Former shareholders of an Ecuadorean cellular-telephone company are contractually barred from bringing a $900 million suit against Mexican telecommunications company America Movil SAB, New York state's top court ruled on Tuesday.

In a unanimous decision, the Court of Appeals held the former shareholders -- Centro Empresarial Cempresa S.A. and Conecel Holding Ltd -- were barred from bringing fraud and breach-of-contract claims by a general release they entered into in 2003, when they sold their remaining shares in Telmex Wireless Ecuador LLC for about $64 million dollars.

Having executed this release, plaintiffs cannot now claim that defendants fraudulently misled them regarding the value of their ownership interests in TWE unless the release was itself induced by a separate fraud, Judge Carmen Ciparick wrote for the court.

In 1999, the plaintiffs, shareholders in Consorcio Ecuatoriano de Telecomunicaciones S.A. Conecel, a struggling Ecuadorean telecom company, approached billionaire Carlos Slim Helu about investing in Conecel. The following year, Slim's company, Telmex Mexico, pumped $150 million into Conecel and became its majority stakeholder. The plaintiffs retained a minority interest. Following the transaction, all the parties held their interests in Conecel through a new company, Telmex Wireless Ecuador LLC.

In 2000, America Movil was spun off from Telmex Mexico, which plaintiffs say triggered their right to negotiate an exchange of their shares in Telmex Wireless Ecuador for shares of Movil. The plaintiffs claim they repeatedly asked Movil for financial information about Conecel and Telmex Wireless Ecuador, but never received the information. They also say Movil misrepresented the value of Conecel. Allegedly left with no practical alternative, plaintiffs sold their shares to a subsidiary of Movil at a preset price, according to the suit.

As part of this transaction, the plaintiffs agreed not assert claims against Movil and its CEO -- as well as Slim, Conecel, Telmex Mexico and their subsidiaries -- arising from the sale and ownership of the shares.

EYES OPEN

In 2008, the plaintiffs filed suit accusing Movil and the defendants of fraudulently inducing them to sell their Telmex Wireless Ecuador shares.

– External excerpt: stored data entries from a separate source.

(* The forcing notion $\mathbb{P}$ defined below satisfies the countable chain condition.
   Context: For $n\in\omega$, $2^n$ is the set of $0$-$1$ sequences of length $n$, with metric $d(\eta,\eta')=2^{-k}$ for $\eta\ne\eta'$, where $k$ is least with $\eta\restriction k\neq\eta'\restriction k$. Let $\mathbb{L}_1(n)$ be the set of all $1$-Lipschitz functions $g\colon 2^n\to 2^n$. For a set $A$, $[A]^2$ denotes the set of $2$-element subsets of $A$, and $[A]^{<\omega}$ the finite subsets; $\rho(\alpha,\beta)$ means $\rho(\{\alpha,\beta\})$. A condition $p\in\mathbb{P}$ is a tuple $p=(n^p,s^p,v^p,\mathcal{F}^p,\gamma^p,\rho^p)$ such that: (1) $n^p\in\omega$, $s^p\in[\omega]^{<\omega}$, $v^p\in[\omega_1]^{<\omega}$; (2) $\mathcal{F}^p=\{f^p_i: i\in s^p\}\subseteq\mathbb{L}_1(n^p)$ and $\rho^p\colon[v^p]^2\to s^p$; (2') $\rho^p(\alpha,\beta)\neq\rho^p(\alpha',\beta)$ whenever $\alpha<\alpha'<\beta$; (3) $\gamma^p\colon v^p\to 2^{n^p}$ is one-to-one; (4) $\gamma^p(\alpha)=f^p_{\rho^p(\alpha,\beta)}(\gamma^p(\beta))$ whenever $\alpha<\beta$ are in $v^p$. The order: $p\le q$ ($q$ is stronger) iff (5) $n^p\le n^q$, $s^p\subseteq s^q$, $v^p\subseteq v^q$; (6) $f^q_i(\eta)\restriction n^p=f^p_i(\eta\restriction n^p)$ for each $i\in s^p$ and every $\eta\in 2^{n^q}$; (7) $\gamma^q(\alpha)\restriction n^p=\gamma^p(\alpha)$ for every $\alpha\in v^p$; (8) $\rho^q\restriction[v^p]^2=\rho^p$. *)

From HB Require Import structures.
From mathcomp Require Import all_boot all_order all_algebra.
From mathcomp Require Import boolp classical_sets cardinality.
Set Implicit Arguments. Unset Strict Implicit. Unset Printing Implicit Defensive.
Import Order.TTheory GRing.Theory Num.Theory.
Local Open Scope classical_set_scope.

(* Elements of 2^n are n-tuples of booleans; eta|k is [take k eta]. *)

(* the least k <= n with eta|k <> eta'|k (meaningful when eta <> eta') *)
Definition first_split (n : nat) (eta eta' : n.-tuple bool) : nat :=
  find (fun k => take k eta != take k eta') (iota 0 n.+1).

Definition cdist (n : nat) (eta eta' : n.-tuple bool) : rat :=
  if eta == eta' then 0%R else ((2%:R : rat) ^- (first_split eta eta'))%R.

Definition lipschitz1 (n : nat) (g : n.-tuple bool -> n.-tuple bool) : Prop :=
  forall eta eta', (cdist (g eta) (g eta') <= cdist eta eta')%R.

(* omega_1 is represented by an abstract type W with a strict well-order lt
   which is uncountable while all its proper initial segments are countable
   (this determines (W, lt) up to isomorphism as omega_1). *)
Definition is_omega1 (W : Type) (lt : W -> W -> Prop) : Prop :=
  [/\ (forall a, ~ lt a a),
      (forall a b c, lt a b -> lt b c -> lt a c),
      (forall a b, [\/ lt a b, a = b | lt b a]) &
      well_founded lt] /\
  ((forall b, countable [set a | lt a b]) /\
      ~ countable [set: W]).

(* raw data of a condition p = (n, s, v, F, gamma, rho); rho(alpha,beta) for
   alpha < beta is stored as rho alpha beta; F = {f i : i in s}. *)
Record cond (W : Type) := Cond {
  cn : nat;
  cs : set nat;
  cv : set W;
  cf : nat -> cn.-tuple bool -> cn.-tuple bool;
  cgamma : W -> cn.-tuple bool;
  crho : W -> W -> nat }.
Arguments cf [W] c _ _.
Arguments cgamma [W] c _.

Definition in_P (W : Type) (lt : W -> W -> Prop) (p : cond W) : Prop :=
  [/\ finite_set (cs p), finite_set (cv p) &
      (forall i, cs p i -> lipschitz1 (cf p i))] /\
  [/\
      (forall a b, cv p a -> cv p b -> lt a b -> cs p (crho p a b)),
      (forall a a' b, cv p a -> cv p a' -> cv p b -> lt a a' -> lt a' b ->
          crho p a b <> crho p a' b),
      (forall a b, cv p a -> cv p b -> cgamma p a = cgamma p b -> a = b) &
      (forall a b, cv p a -> cv p b -> lt a b ->
          cgamma p a = cf p (crho p a b) (cgamma p b))].

(* p <= q (q is stronger): clauses (5)-(8) *)
Definition P_le (W : Type) (lt : W -> W -> Prop) (p q : cond W) : Prop :=
  [/\ cn p <= cn q, cs p `<=` cs q & cv p `<=` cv q] /\
  [/\
      (forall i, cs p i -> forall (eta : (cn q).-tuple bool)
          (eta' : (cn p).-tuple bool), val eta' = take (cn p) eta ->
          take (cn p) (cf q i eta) = val (cf p i eta')),
      (forall a, cv p a -> take (cn p) (cgamma q a) = val (cgamma p a)) &
      (forall a b, cv p a -> cv p b -> lt a b -> crho q a b = crho p a b)].

Definition P_compatible (W : Type) (lt : W -> W -> Prop) (p q : cond W) :=
  exists r, in_P lt r /\ P_le lt p r /\ P_le lt q r.

Definition P_antichain (W : Type) (lt : W -> W -> Prop) (A : set (cond W)) :=
  (forall p, A p -> in_P lt p) /\
  (forall p q, A p -> A q -> p <> q -> ~ P_compatible lt p q).

Definition P_ccc (W : Type) (lt : W -> W -> Prop) :=
  forall A : set (cond W), P_antichain lt A -> countable A.
(* Let $n$ be an odd integer, and let $a$ and $b$ be distinct positive integers with $a+b=n$. Let $X$ be the circulant graph $X(\mathbb{Z}_{2n}, \{a,-a,b,-b\})$, whose vertex set is $\mathbb{Z}_{2n}$ and in which $u\sim v$ if and only if $v-u\in\{a,-a,b,-b\} \pmod{2n}$; it is a $4$-regular graph. Then the Grover discrete quantum walk on $X$ admits perfect state transfer from vertex $0$ to vertex $n$ at time $2n$, that is, \[U^{2n}\left(\tfrac{1}{2}\, e_0\otimes \mathbf{1}\right) = \tfrac{1}{2}\, e_n\otimes \mathbf{1}.\]
   Context: Let $X$ be a $d$-regular graph on $n$ vertices. Replace each edge $\{u,v\}$ by the two arcs $(u,v)$ and $(v,u)$. The state space is $\mathbb{C}^{nd}$, the space of complex functions on the arcs, with the standard inner product; it is identified with $\mathbb{C}^n\otimes\mathbb{C}^d$, where the arc $(u,v)$ corresponds to the vertex $u$ (its tail) together with one of the $d$ coin directions at $u$. The transition operator is $U=R(I\otimes G)$, where $R$ is the arc-reversal permutation matrix, $(Rf)(u,v)=f(v,u)$, and $G=\frac{2}{d}J-I$ is the $d\times d$ Grover coin ($J$ the all-ones matrix), so that $\big((I\otimes G)f\big)(u,v)=\frac{2}{d}\sum_{w\sim u} f(u,w)-f(u,v)$. For a vertex $u$, $e_u\otimes\mathbf{1}$ denotes the vector that is $1$ on every arc with tail $u$ and $0$ elsewhere, so $\frac{1}{\sqrt d}e_u\otimes\mathbf{1}$ is the uniform superposition over the outgoing arcs of $u$. The graph $X$ admits perfect state transfer from $u$ to $v$ at time $k$ if $U^k\left(\frac{1}{\sqrt d}e_u\otimes\mathbf{1}\right)=\frac{1}{\sqrt d}e_v\otimes\mathbf{1}$. *)

From mathcomp Require Import all_boot all_order all_algebra all_field.
Set Implicit Arguments. Unset Strict Implicit. Unset Printing Implicit Defensive.
Import GRing.Theory Num.Theory.
Local Open Scope ring_scope.

Section GroverWalk.
Variables (T : finType) (adj : rel T).

Definition arc := {x : T * T | adj x.1 x.2}.

Definition tail (e : arc) : T := (val e).1.
Definition head (e : arc) : T := (val e).2.

Definition state := {ffun arc -> algC}.

Definition is_regular (d : nat) : Prop := forall u : T, #|[set v | adj u v]| = d.

Definition coin_op (d : nat) (f : state) : state :=
  [ffun e : arc => (2 / d%:R) * (\sum_(e' : arc | tail e' == tail e) f e') - f e].

(* arc reversal permutation matrix: (R f)(u,v) = f(v,u) *)
Definition arc_rev_op (f : state) : state :=
  [ffun e : arc => \sum_(e' : arc | val e' == (head e, tail e)) f e'].

Definition grover_U (d : nat) (f : state) : state := arc_rev_op (coin_op d f).

(* (1/sqrt d) e_u (x) 1 *)
Definition uniform_at (d : nat) (u : T) : state :=
  [ffun e : arc => if tail e == u then (sqrtC d%:R)^-1 else 0].

Definition pst (d : nat) (u v : T) (k : nat) : Prop :=
  iter k (grover_U d) (uniform_at d u) = uniform_at d v.

End GroverWalk.

Definition circulant (m : nat) (S : seq 'Z_m) : rel 'Z_m :=
  fun u v => (v - u) \in S.

From Pilot Require Import Defs.
From mathcomp Require Import all_boot all_order all_algebra all_field.
From mathcomp Require Import ring zify.
Set Implicit Arguments. Unset Strict Implicit. Unset Printing Implicit Defensive.
Import GRing.Theory Num.Theory.
Local Open Scope ring_scope.

(* Proof idea: the uniform state at a vertex depends only on the tail of each
   arc.  Split such a tail function g into the part (g u + g (u + n)) / 2,
   invariant under u |-> u + n, and the part (g u - g (u + n)) / 2, which
   changes sign.  Since a = n - b, modulo n every vertex v sees its neighbours
   v + a and v - a twice each; so on arc functions that are n-periodic in both
   endpoints, the walk is the straight-ahead shift (u, v) |-> (v, 2v - u),
   whose 2n-th power is the identity on Z_2n.  On the sign-changing part one
   step turns the tail function into the same head function, and a second step
   gives minus the tail function, because the values at the four neighbours
   cancel in pairs (v + a = (v - b) + n).  As n is odd, after 2n steps the
   first part is unchanged and the second is negated, which leaves
   g (u + n). *)

Section GroverWalkOnArcFunctions.
Variables (T : finType) (adj : rel T).

Definition arcfun (F : T -> T -> algC) : state adj :=
  [ffun e => F (tail e) (Defs.head e)].

Lemma eq_arcfun (F G : T -> T -> algC) :
  (forall u v, adj u v -> F u v = G u v) -> arcfun F = arcfun G.
Proof. by move=> eqFG; apply/ffunP => e; rewrite !ffunE eqFG //; exact: valP e. Qed.

Lemma uniform_atE d x :
  uniform_at adj d x = arcfun (fun u _ => if u == x then (sqrtC d%:R)^-1 else 0).
Proof. by apply/ffunP => e; rewrite !ffunE. Qed.

Lemma grover_UD d : {morph @grover_U _ adj d : f g / f + g}.
Proof.
move=> f g; apply/ffunP => e; rewrite !ffunE -big_split; apply: eq_bigr => e' _.
rewrite !ffunE; under eq_bigr do rewrite ffunE.
by rewrite big_split /=; ring.
Qed.

Lemma grover_UN d : {morph @grover_U _ adj d : f / - f}.
Proof.
move=> f; apply/ffunP => e; rewrite !ffunE -sumrN; apply: eq_bigr => e' _.
rewrite !ffunE; under eq_bigr do rewrite ffunE.
by rewrite sumrN /=; ring.
Qed.

Lemma iter_grover_UD d k : {morph iter k (@grover_U _ adj d) : f g / f + g}.
Proof. by move=> f g; elim: k => //= k ->; rewrite grover_UD. Qed.

Lemma iter_grover_UN d k : {morph iter k (@grover_U _ adj d) : f / - f}.
Proof. by move=> f; elim: k => //= k ->; rewrite grover_UN. Qed.

Lemma sum_out_arcs (g : T -> algC) v :
  \sum_(e : Defs.arc adj | tail e == v) g (Defs.head e) = \sum_(w | adj v w) g w.
Proof.
have head_adj (e : Defs.arc adj) : tail e == v -> adj v (Defs.head e).
  by move=> /eqP <-; exact: valP e.
rewrite (partition_big (@Defs.head _ _) (adj v) head_adj).
apply: eq_bigr => w vw.
by rewrite (big_pred1 (exist (fun x : T * T => adj x.1 x.2) (v, w) vw)).
Qed.

Hypothesis adj_sym : symmetric adj.

Lemma grover_U_arcfun d F :
  @grover_U _ adj d (arcfun F) =
  arcfun (fun u v => 2 / d%:R * (\sum_(w | adj v w) F v w) - F v u).
Proof.
apply/ffunP => e; rewrite !ffunE.
have rev_adj : adj (Defs.head e, tail e).1 (Defs.head e, tail e).2.
  by rewrite adj_sym; exact: valP e.
rewrite (big_pred1 (exist (fun x : T * T => adj x.1 x.2) _ rev_adj)) // ffunE /=.
rewrite -(sum_out_arcs (F (Defs.head e))) ffunE.
by congr (_ * _ - _); apply: eq_bigr => e' /eqP tail_e'; rewrite ffunE tail_e'.
Qed.

Lemma grover_U_tail d (g : T -> algC) : is_regular adj d -> d != 0%N ->
  @grover_U _ adj d (arcfun (fun u _ => g u)) = arcfun (fun _ v => g v).
Proof.
move=> reg d_neq0; rewrite grover_U_arcfun; apply/ffunP => e; rewrite !ffunE.
rewrite (eq_bigl (fun w => w \in [set w | adj (Defs.head e) w])); last by move=> w; rewrite inE.
have d_neq0R : d%:R != 0 :> algC by rewrite pnatr_eq0.
by rewrite sumr_const reg -mulr_natr; field.
Qed.

End GroverWalkOnArcFunctions.

Arguments arcfun {T adj} F.

Section Circulant.
Variables (m : nat) (S : seq 'Z_m).

Lemma big_circulant (R : Type) (idx : R) (op : Monoid.com_law idx) (G : 'Z_m -> R) v :
  uniq S -> \big[op/idx]_(w | circulant S v w) G w = \big[op/idx]_(s <- S) G (v + s).
Proof.
move=> S_uniq; rewrite (reindex (fun s => v + s)) /=; last first.
  by apply: onW_bij; exists (fun w => w - v) => x /=; rewrite addrC ?addKr ?addrNK.
by rewrite (big_uniq _ S_uniq); apply: eq_bigl => s; rewrite /circulant addrC addKr.
Qed.

Lemma circulant_regular : uniq S -> is_regular (circulant S) (size S).
Proof.
move=> S_uniq u; rewrite -sum1_card (eq_bigl (circulant S u)); last by move=> v; rewrite inE.
by rewrite (big_circulant _ (fun _ => 1%N)) // big_const_seq count_predT iter_addn_0 mul1n.
Qed.

Lemma circulant_sym : {in S, forall s, - s \in S} -> symmetric (circulant S).
Proof.
move=> S_opp u v; rewrite /circulant.
by apply/idP/idP => /S_opp; rewrite opprB.
Qed.

End Circulant.

Section AntipodalTransfer.
Variables (n a b : nat).
Hypotheses (n_odd : odd n) (a_gt0 : (0 < a)%N) (b_gt0 : (0 < b)%N)
  (a_neq_b : a <> b) (abn : (a + b)%N = n).

Local Notation Z := 'Z_(2 * n).
Local Notation N := (n%:R : Z).
Local Notation S := [:: (a%:R : Z); - a%:R; b%:R; - b%:R].
Local Notation X := (circulant S).
Local Notation U := (@grover_U _ X 4).
Local Notation tailfun g := (@arcfun _ X (fun u _ => g u)).
Local Notation headfun g := (@arcfun _ X (fun _ v => g v)).

Lemma Zn_gt1 : (1 < 2 * n)%N.
Proof. lia. Qed.

Lemma eqZ_nat x y : (x < 2 * n)%N -> (y < 2 * n)%N -> ((x%:R : Z) == y%:R) = (x == y).
Proof.
by move=> x_lt y_lt; rewrite -val_eqE /= !(val_Zp_nat Zn_gt1) !modn_small.
Qed.

Lemma oppZ_nat k : (k <= 2 * n)%N -> - (k%:R : Z) = (2 * n - k)%:R.
Proof.
move=> k_le; apply/eqP; rewrite eq_sym -subr_eq0 opprK -natrD subnK //.
by rewrite pchar_Zp ?Zn_gt1.
Qed.

Lemma S_uniq : uniq S.
Proof.
rewrite /= !inE !oppZ_nat; try lia.
by rewrite !eqZ_nat; lia.
Qed.

Lemma X_sym : symmetric X.
Proof.
apply: circulant_sym => s.
by rewrite !inE => /or4P [] /eqP ->; rewrite ?opprK eqxx ?orbT.
Qed.

Lemma X_regular : is_regular X 4.
Proof. exact: circulant_regular S_uniq. Qed.

Lemma oppZn : - N = N.
Proof. by rewrite oppZ_nat; [congr _%:R|]; lia. Qed.

Lemma addZnn : N + N = 0.
Proof. by rewrite -{1}oppZn addNr. Qed.

Lemma natZ_ab : N = a%:R + b%:R.
Proof. by rewrite -natrD abn. Qed.

Lemma addZa v : v + a%:R = v - b%:R + N.
Proof. by rewrite natZ_ab; ring. Qed.

Lemma subZa v : v - a%:R = v + b%:R + N.
Proof. by rewrite -oppZn natZ_ab; ring. Qed.

Definition biperiodic (L : Z -> Z -> algC) :=
  forall u v, L (u + N) v = L u v /\ L u (v + N) = L u v.

Lemma grover_U_biperiodic L : biperiodic L ->
  U (arcfun L) = arcfun (fun u v => L v (v + v - u)).
Proof.
move=> L_per; rewrite (grover_U_arcfun X_sym); apply: eq_arcfun => u v.
rewrite (big_circulant _ (L v)) ?S_uniq // !big_cons big_nil /= addr0.
rewrite addZa subZa !(proj2 (L_per _ _)) /circulant => vu_in_S.
have -> : u = v - (v - u) by ring.
move: (v - u) vu_in_S => t; have -> : v + v - (v - t) = v + t by ring.
have four_neq0 : 4%:R != 0 :> algC by rewrite pnatr_eq0.
rewrite !inE => /or4P [] /eqP ->;
  by rewrite ?opprK ?addZa ?subZa ?(proj2 (L_per _ _)); field.
Qed.

Lemma biperiodic_reflect L : biperiodic L -> biperiodic (fun u v => L v (v + v - u)).
Proof.
move=> L_per u v; split.
- by rewrite -{1}oppZn opprD opprK addrA (proj2 (L_per _ _)).
- have -> : v + N + (v + N) - u = v + v - u + (N + N) by ring.
  by rewrite addZnn addr0 (proj1 (L_per _ _)).
Qed.

Lemma iter_grover_U_biperiodic k L : biperiodic L ->
  iter k U (arcfun L) = arcfun (fun u v => L (u + (v - u) *+ k) (v + (v - u) *+ k)).
Proof.
elim: k L => [|k IHk] L L_per.
  by apply/ffunP => e; rewrite !ffunE !mulr0n !addr0.
rewrite iterSr grover_U_biperiodic // IHk; last exact: biperiodic_reflect.
apply/ffunP => e; rewrite !ffunE mulrS; set u := tail e; set v := Defs.head e.
by congr (L _ _); ring.
Qed.

Lemma iter_2n_biperiodic L : biperiodic L -> iter (2 * n) U (arcfun L) = arcfun L.
Proof.
move=> L_per; rewrite iter_grover_U_biperiodic //.
have mulrn_2n (x : Z) : x *+ (2 * n) = 0 by rewrite -mulr_natr pchar_Zp ?Zn_gt1 ?mulr0.
by apply/ffunP => e; rewrite !ffunE !mulrn_2n !addr0.
Qed.

Definition antiperiodic (g : Z -> algC) := forall x, g (x + N) = - g x.

Lemma grover_U_head g : antiperiodic g -> U (headfun g) = - tailfun g.
Proof.
move=> g_anti; rewrite (grover_U_arcfun X_sym); apply/ffunP => e; rewrite !ffunE.
rewrite (big_circulant _ g) ?S_uniq // !big_cons big_nil /= addr0 addZa subZa !g_anti.
by ring.
Qed.

Lemma iter_grover_U_antiperiodic k g : antiperiodic g ->
  iter (2 * k) U (tailfun g) = if odd k then - tailfun g else tailfun g.
Proof.
move=> g_anti; elim: k => [//|k IHk].
rewrite mulnS addnC iterD /= (grover_U_tail X_sym _ X_regular) // grover_U_head //.
by rewrite iter_grover_UN IHk /=; case: (odd k); rewrite ?opprK.
Qed.

Lemma iter_2n_tail g :
  iter (2 * n) U (tailfun g) = tailfun (fun u => g (u + N)).
Proof.
pose L (u _ : Z) := (g u + g (u + N)) / 2.
pose h u := (g u - g (u + N)) / 2.
have L_per : biperiodic L by move=> u v; rewrite /L -addrA addZnn addr0 addrC.
have h_anti : antiperiodic h.
  by move=> x; rewrite /h -addrA addZnn addr0 -mulNr opprB.
have two_neq0 : 2 != 0 :> algC by rewrite pnatr_eq0.
have -> : tailfun g = arcfun L + tailfun h.
  by apply/ffunP => e; rewrite !ffunE /L /h; field.
rewrite iter_grover_UD iter_2n_biperiodic // iter_grover_U_antiperiodic // n_odd.
by apply/ffunP => e; rewrite !ffunE /L /h; field.
Qed.

Lemma pst_0_n : pst X 4 0 N (2 * n).
Proof.
rewrite /pst !uniform_atE iter_2n_tail.
by apply/ffunP => e; rewrite !ffunE addr_eq0 oppZn.
Qed.

End AntipodalTransfer.

Unset Implicit Arguments.

Theorem mainTheorem1 (n a b : nat) :
  odd n -> (0 < a)%N -> (0 < b)%N -> a <> b -> (a + b)%N = n ->
  let X := circulant [:: (a%:R : 'Z_(2 * n)); - a%:R; b%:R; - b%:R] in
  is_regular X 4 /\ pst X 4 0 (n%:R) (2 * n).
Proof. by move=> n_odd a_gt0 b_gt0 a_neq_b abn X; split; [apply: X_regular | apply: pst_0_n]. Qed.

They claimed that, if they had exchanged rather than sold the Telmex shares, they would have had more than $900 million in Movil stock.

Last year, a divided panel in a lower appellate court held the plaintiffs' suit was barred by the general release they granted defendants in connection with the sale of their interest.

The Court of Appeals agreed.

Here, according to the facts alleged in the complaint, plaintiffs knew that defendants had not supplied them with the financial information necessary to properly value the TWE units, and that they were entitled to that information. Yet they chose to cash out their interests and release defendants from fraud claims without demanding either access to the information or assurances as to its accuracy in the form of representations and warranties, Ciparick wrote.

Steven Selsberg of Mayer Brown, who represented the defendants, said his clients denied the plaintiffs had any right to exchange shares in the first place.

The court absolutely got the right result. It was a business deal that everyone went into with their eyes open, he said.

Kathleen Kundar of Fox Horan & Camerini, who represented the plaintiffs, declined to comment.

The Appellate Case is Centro Empresarial Cempresa S.A. v. America Movil, Court of Appeals, No. 93.